===== THE DATA
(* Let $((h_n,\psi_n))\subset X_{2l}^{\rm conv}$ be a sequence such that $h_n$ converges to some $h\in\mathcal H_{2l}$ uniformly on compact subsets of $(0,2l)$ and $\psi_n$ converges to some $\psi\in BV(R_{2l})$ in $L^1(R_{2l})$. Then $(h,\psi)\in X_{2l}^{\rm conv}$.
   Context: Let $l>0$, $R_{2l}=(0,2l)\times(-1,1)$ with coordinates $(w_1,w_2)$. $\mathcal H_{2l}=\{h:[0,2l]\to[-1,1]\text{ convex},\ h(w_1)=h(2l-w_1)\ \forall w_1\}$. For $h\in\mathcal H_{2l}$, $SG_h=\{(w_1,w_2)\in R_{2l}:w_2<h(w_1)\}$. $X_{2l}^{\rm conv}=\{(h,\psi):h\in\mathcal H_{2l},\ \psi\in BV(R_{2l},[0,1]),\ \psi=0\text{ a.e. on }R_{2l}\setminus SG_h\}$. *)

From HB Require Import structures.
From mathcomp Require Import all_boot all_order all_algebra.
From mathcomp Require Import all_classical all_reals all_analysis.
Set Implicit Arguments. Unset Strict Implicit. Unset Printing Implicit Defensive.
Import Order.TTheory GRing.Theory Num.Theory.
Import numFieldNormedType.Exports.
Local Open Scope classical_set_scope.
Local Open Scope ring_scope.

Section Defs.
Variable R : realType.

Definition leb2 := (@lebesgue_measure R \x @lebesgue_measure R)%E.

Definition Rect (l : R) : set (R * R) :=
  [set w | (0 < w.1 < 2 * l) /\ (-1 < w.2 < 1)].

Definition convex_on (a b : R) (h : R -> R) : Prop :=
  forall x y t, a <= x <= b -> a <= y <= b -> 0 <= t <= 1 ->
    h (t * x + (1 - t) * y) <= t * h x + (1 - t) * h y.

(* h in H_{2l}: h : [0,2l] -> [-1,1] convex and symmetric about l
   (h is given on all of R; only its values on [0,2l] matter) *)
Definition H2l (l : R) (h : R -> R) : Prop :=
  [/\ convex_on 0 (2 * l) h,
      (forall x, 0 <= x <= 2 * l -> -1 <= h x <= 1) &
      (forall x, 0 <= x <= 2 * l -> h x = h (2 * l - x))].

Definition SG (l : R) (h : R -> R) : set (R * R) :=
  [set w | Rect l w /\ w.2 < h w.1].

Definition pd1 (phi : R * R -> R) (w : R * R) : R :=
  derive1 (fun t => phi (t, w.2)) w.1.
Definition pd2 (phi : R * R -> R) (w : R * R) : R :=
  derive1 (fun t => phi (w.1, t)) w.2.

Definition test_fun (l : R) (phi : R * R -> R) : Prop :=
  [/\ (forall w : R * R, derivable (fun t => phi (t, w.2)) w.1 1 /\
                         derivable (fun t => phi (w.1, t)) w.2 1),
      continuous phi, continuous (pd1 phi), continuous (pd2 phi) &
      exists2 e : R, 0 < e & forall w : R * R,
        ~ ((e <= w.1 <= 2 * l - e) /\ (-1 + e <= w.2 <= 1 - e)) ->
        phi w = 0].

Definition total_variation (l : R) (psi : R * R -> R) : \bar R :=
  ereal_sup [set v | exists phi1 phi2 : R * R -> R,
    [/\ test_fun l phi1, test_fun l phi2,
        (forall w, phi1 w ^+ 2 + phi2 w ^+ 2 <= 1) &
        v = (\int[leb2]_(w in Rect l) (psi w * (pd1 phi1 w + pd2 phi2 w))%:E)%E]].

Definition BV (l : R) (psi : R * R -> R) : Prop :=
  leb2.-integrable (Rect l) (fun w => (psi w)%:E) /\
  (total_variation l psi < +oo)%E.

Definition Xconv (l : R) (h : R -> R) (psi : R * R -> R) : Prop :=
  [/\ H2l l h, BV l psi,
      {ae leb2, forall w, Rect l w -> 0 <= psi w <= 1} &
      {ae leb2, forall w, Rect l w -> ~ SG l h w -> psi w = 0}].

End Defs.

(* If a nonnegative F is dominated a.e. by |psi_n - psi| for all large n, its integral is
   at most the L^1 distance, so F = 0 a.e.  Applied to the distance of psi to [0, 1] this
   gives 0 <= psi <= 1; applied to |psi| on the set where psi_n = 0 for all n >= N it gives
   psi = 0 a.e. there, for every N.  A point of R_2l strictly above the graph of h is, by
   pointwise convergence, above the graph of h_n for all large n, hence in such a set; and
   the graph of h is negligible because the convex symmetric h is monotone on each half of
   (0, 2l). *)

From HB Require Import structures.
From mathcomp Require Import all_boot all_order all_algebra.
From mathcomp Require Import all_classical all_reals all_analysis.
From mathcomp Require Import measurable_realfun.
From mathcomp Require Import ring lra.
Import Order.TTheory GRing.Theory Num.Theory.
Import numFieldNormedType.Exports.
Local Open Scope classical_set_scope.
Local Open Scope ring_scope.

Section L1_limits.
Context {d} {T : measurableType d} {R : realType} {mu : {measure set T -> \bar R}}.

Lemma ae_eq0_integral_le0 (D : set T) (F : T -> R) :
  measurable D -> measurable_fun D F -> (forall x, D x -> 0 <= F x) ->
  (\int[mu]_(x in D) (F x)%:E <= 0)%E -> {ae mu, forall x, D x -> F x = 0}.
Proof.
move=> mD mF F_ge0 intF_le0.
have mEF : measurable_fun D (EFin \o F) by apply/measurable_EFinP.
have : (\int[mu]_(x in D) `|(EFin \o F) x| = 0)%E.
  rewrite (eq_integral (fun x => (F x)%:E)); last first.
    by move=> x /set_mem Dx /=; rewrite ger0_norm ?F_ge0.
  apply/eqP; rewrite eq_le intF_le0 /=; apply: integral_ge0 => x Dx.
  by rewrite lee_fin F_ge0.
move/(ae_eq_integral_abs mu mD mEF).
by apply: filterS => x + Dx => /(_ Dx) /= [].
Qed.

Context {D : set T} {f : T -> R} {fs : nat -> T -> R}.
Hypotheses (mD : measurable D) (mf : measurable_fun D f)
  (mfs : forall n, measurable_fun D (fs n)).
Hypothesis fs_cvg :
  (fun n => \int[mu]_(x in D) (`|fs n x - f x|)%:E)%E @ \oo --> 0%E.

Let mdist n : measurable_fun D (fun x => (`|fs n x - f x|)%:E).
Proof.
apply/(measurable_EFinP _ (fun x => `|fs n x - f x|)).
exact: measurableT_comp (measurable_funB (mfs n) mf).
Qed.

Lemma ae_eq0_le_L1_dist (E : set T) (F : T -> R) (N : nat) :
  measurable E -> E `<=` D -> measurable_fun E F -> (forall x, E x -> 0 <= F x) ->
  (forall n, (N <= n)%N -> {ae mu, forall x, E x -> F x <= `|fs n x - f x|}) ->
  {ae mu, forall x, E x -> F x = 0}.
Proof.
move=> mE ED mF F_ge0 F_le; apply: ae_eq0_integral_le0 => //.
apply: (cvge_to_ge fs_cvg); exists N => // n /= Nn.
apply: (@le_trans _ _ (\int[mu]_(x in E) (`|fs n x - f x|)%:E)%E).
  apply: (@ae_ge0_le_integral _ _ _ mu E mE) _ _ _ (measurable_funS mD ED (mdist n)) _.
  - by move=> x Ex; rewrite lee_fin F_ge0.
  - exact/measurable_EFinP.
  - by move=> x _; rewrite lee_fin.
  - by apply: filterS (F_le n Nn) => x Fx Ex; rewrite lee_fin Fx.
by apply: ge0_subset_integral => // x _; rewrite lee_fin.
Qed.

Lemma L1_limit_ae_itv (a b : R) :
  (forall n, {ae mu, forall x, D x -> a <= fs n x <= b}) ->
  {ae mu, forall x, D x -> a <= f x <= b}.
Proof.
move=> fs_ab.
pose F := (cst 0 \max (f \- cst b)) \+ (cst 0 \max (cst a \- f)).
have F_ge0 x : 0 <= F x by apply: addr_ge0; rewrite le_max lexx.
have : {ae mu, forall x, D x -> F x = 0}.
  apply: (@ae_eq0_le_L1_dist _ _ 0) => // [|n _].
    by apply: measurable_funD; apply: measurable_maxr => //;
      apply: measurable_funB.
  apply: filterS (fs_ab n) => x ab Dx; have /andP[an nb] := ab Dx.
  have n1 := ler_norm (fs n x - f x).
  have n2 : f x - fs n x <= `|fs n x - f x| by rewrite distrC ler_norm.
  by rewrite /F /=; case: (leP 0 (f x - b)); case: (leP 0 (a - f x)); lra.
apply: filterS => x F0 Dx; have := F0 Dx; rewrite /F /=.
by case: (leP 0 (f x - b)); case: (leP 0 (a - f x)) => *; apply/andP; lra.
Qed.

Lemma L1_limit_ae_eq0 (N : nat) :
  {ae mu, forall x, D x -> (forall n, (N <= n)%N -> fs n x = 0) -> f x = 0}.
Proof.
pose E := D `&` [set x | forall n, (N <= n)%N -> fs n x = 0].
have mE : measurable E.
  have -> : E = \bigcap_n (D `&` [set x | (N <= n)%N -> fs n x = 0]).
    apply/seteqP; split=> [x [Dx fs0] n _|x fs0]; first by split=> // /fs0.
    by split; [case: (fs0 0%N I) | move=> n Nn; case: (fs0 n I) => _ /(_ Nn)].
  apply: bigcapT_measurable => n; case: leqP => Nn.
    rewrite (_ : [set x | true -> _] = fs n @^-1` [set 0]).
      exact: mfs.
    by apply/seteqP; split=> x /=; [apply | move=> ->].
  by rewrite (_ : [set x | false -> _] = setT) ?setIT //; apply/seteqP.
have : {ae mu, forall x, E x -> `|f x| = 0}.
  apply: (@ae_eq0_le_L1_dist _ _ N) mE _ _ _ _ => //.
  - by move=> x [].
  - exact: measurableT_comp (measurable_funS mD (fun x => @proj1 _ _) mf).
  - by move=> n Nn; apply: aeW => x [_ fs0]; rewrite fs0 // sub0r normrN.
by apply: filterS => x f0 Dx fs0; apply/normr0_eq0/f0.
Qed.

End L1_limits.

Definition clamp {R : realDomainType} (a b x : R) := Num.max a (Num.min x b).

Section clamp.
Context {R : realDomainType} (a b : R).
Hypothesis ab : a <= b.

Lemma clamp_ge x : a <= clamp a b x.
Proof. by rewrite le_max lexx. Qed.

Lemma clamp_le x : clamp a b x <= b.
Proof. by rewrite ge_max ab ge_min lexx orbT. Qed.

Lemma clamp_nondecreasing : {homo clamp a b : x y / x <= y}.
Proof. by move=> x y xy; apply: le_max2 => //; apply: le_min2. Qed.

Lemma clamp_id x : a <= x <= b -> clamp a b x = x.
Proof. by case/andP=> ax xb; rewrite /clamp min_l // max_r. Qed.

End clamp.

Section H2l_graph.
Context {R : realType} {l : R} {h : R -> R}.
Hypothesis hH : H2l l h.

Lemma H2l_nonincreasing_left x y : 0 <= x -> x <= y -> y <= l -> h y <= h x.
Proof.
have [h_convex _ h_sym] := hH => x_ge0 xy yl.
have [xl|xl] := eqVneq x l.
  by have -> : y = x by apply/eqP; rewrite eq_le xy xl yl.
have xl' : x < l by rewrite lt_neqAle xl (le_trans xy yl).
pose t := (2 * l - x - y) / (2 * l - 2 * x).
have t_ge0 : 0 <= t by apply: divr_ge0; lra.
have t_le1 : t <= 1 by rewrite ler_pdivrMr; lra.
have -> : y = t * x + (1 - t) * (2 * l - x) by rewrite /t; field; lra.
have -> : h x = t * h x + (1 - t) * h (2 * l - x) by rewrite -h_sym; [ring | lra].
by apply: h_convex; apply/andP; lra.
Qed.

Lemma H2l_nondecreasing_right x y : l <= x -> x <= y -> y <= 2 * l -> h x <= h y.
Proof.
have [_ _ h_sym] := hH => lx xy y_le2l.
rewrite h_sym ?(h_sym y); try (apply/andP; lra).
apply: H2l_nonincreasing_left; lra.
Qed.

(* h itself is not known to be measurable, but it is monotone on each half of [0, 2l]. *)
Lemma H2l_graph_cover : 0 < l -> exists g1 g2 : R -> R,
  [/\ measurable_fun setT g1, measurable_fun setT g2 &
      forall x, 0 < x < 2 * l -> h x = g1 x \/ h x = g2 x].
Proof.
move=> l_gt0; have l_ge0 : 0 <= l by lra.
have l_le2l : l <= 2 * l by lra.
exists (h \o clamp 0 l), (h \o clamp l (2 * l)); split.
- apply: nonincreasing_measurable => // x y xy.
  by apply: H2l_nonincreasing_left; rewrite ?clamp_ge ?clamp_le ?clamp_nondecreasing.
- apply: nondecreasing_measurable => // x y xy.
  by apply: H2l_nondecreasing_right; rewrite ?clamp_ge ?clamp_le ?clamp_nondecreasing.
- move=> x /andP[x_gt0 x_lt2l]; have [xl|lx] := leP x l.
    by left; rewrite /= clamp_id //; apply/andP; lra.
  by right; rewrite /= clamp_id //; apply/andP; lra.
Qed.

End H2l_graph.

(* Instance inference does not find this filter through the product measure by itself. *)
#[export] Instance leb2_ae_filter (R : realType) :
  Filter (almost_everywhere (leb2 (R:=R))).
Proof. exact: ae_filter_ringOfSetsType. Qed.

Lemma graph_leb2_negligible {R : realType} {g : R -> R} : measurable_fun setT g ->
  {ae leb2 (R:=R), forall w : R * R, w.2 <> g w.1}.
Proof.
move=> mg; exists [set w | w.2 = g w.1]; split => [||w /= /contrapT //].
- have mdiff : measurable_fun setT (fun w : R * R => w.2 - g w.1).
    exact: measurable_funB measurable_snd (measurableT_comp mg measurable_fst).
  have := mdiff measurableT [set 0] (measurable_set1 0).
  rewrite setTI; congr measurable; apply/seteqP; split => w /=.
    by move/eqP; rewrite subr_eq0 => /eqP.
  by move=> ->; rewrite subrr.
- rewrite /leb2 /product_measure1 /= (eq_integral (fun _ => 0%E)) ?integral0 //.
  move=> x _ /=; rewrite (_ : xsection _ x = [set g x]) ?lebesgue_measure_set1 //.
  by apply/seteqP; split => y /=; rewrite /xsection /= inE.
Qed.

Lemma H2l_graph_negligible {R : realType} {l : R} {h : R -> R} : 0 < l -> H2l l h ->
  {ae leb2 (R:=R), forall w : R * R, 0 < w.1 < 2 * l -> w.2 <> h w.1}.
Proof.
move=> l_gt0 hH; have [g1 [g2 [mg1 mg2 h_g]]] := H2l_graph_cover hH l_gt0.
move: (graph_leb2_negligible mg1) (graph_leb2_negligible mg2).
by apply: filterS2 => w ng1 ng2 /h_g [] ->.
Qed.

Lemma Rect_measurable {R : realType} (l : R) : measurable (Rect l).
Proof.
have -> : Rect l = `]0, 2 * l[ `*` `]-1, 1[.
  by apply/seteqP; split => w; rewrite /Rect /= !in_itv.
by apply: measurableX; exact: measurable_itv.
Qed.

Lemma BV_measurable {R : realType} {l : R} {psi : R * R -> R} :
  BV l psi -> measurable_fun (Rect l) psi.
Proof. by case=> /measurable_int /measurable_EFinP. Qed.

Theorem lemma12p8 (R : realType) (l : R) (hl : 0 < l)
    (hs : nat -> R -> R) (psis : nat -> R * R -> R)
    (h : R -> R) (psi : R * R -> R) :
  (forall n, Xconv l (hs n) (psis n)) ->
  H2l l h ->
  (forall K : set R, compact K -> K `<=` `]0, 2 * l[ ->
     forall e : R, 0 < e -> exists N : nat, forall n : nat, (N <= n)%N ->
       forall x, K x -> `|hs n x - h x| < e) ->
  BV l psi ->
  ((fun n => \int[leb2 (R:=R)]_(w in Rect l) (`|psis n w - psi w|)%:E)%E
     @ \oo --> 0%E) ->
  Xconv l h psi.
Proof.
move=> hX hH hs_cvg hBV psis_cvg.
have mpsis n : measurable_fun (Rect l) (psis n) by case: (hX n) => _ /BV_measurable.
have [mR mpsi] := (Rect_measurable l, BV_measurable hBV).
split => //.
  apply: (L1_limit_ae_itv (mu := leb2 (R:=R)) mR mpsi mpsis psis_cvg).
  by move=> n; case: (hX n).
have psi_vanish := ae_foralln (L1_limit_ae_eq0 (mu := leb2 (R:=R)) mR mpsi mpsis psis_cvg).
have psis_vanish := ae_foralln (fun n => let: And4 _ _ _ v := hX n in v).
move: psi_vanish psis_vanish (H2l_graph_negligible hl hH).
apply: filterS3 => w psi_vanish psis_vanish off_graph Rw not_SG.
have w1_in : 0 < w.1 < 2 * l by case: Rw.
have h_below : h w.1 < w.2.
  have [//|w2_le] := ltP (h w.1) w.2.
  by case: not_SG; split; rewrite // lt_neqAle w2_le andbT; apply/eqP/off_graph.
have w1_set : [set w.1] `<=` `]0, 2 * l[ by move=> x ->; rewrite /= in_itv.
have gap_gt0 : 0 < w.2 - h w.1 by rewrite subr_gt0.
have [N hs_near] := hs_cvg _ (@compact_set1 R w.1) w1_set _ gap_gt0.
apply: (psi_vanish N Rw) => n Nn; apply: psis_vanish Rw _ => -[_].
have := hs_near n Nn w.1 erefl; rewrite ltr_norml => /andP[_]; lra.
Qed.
==========
# EXERCISE
The entries above hold a line with "[/\ measurable_fun setT" and a later line with "move: (graph_leb2_negligible mg1)". Write out exactly those lines and all lines between, nothing more.

# SOLUTION TO THIS PROBLEM
  [/\ measurable_fun setT g1, measurable_fun setT g2 &
      forall x, 0 < x < 2 * l -> h x = g1 x \/ h x = g2 x].
Proof.
move=> l_gt0; have l_ge0 : 0 <= l by lra.
have l_le2l : l <= 2 * l by lra.
exists (h \o clamp 0 l), (h \o clamp l (2 * l)); split.
- apply: nonincreasing_measurable => // x y xy.
  by apply: H2l_nonincreasing_left; rewrite ?clamp_ge ?clamp_le ?clamp_nondecreasing.
- apply: nondecreasing_measurable => // x y xy.
  by apply: H2l_nondecreasing_right; rewrite ?clamp_ge ?clamp_le ?clamp_nondecreasing.
- move=> x /andP[x_gt0 x_lt2l]; have [xl|lx] := leP x l.
    by left; rewrite /= clamp_id //; apply/andP; lra.
  by right; rewrite /= clamp_id //; apply/andP; lra.
Qed.

End H2l_graph.

(* Instance inference does not find this filter through the product measure by itself. *)
#[export] Instance leb2_ae_filter (R : realType) :
  Filter (almost_everywhere (leb2 (R:=R))).
Proof. exact: ae_filter_ringOfSetsType. Qed.

Lemma graph_leb2_negligible {R : realType} {g : R -> R} : measurable_fun setT g ->
  {ae leb2 (R:=R), forall w : R * R, w.2 <> g w.1}.
Proof.
move=> mg; exists [set w | w.2 = g w.1]; split => [||w /= /contrapT //].
- have mdiff : measurable_fun setT (fun w : R * R => w.2 - g w.1).
    exact: measurable_funB measurable_snd (measurableT_comp mg measurable_fst).
  have := mdiff measurableT [set 0] (measurable_set1 0).
  rewrite setTI; congr measurable; apply/seteqP; split => w /=.
    by move/eqP; rewrite subr_eq0 => /eqP.
  by move=> ->; rewrite subrr.
- rewrite /leb2 /product_measure1 /= (eq_integral (fun _ => 0%E)) ?integral0 //.
  move=> x _ /=; rewrite (_ : xsection _ x = [set g x]) ?lebesgue_measure_set1 //.
  by apply/seteqP; split => y /=; rewrite /xsection /= inE.
Qed.

Lemma H2l_graph_negligible {R : realType} {l : R} {h : R -> R} : 0 < l -> H2l l h ->
  {ae leb2 (R:=R), forall w : R * R, 0 < w.1 < 2 * l -> w.2 <> h w.1}.
Proof.
move=> l_gt0 hH; have [g1 [g2 [mg1 mg2 h_g]]] := H2l_graph_cover hH l_gt0.
move: (graph_leb2_negligible mg1) (graph_leb2_negligible mg2).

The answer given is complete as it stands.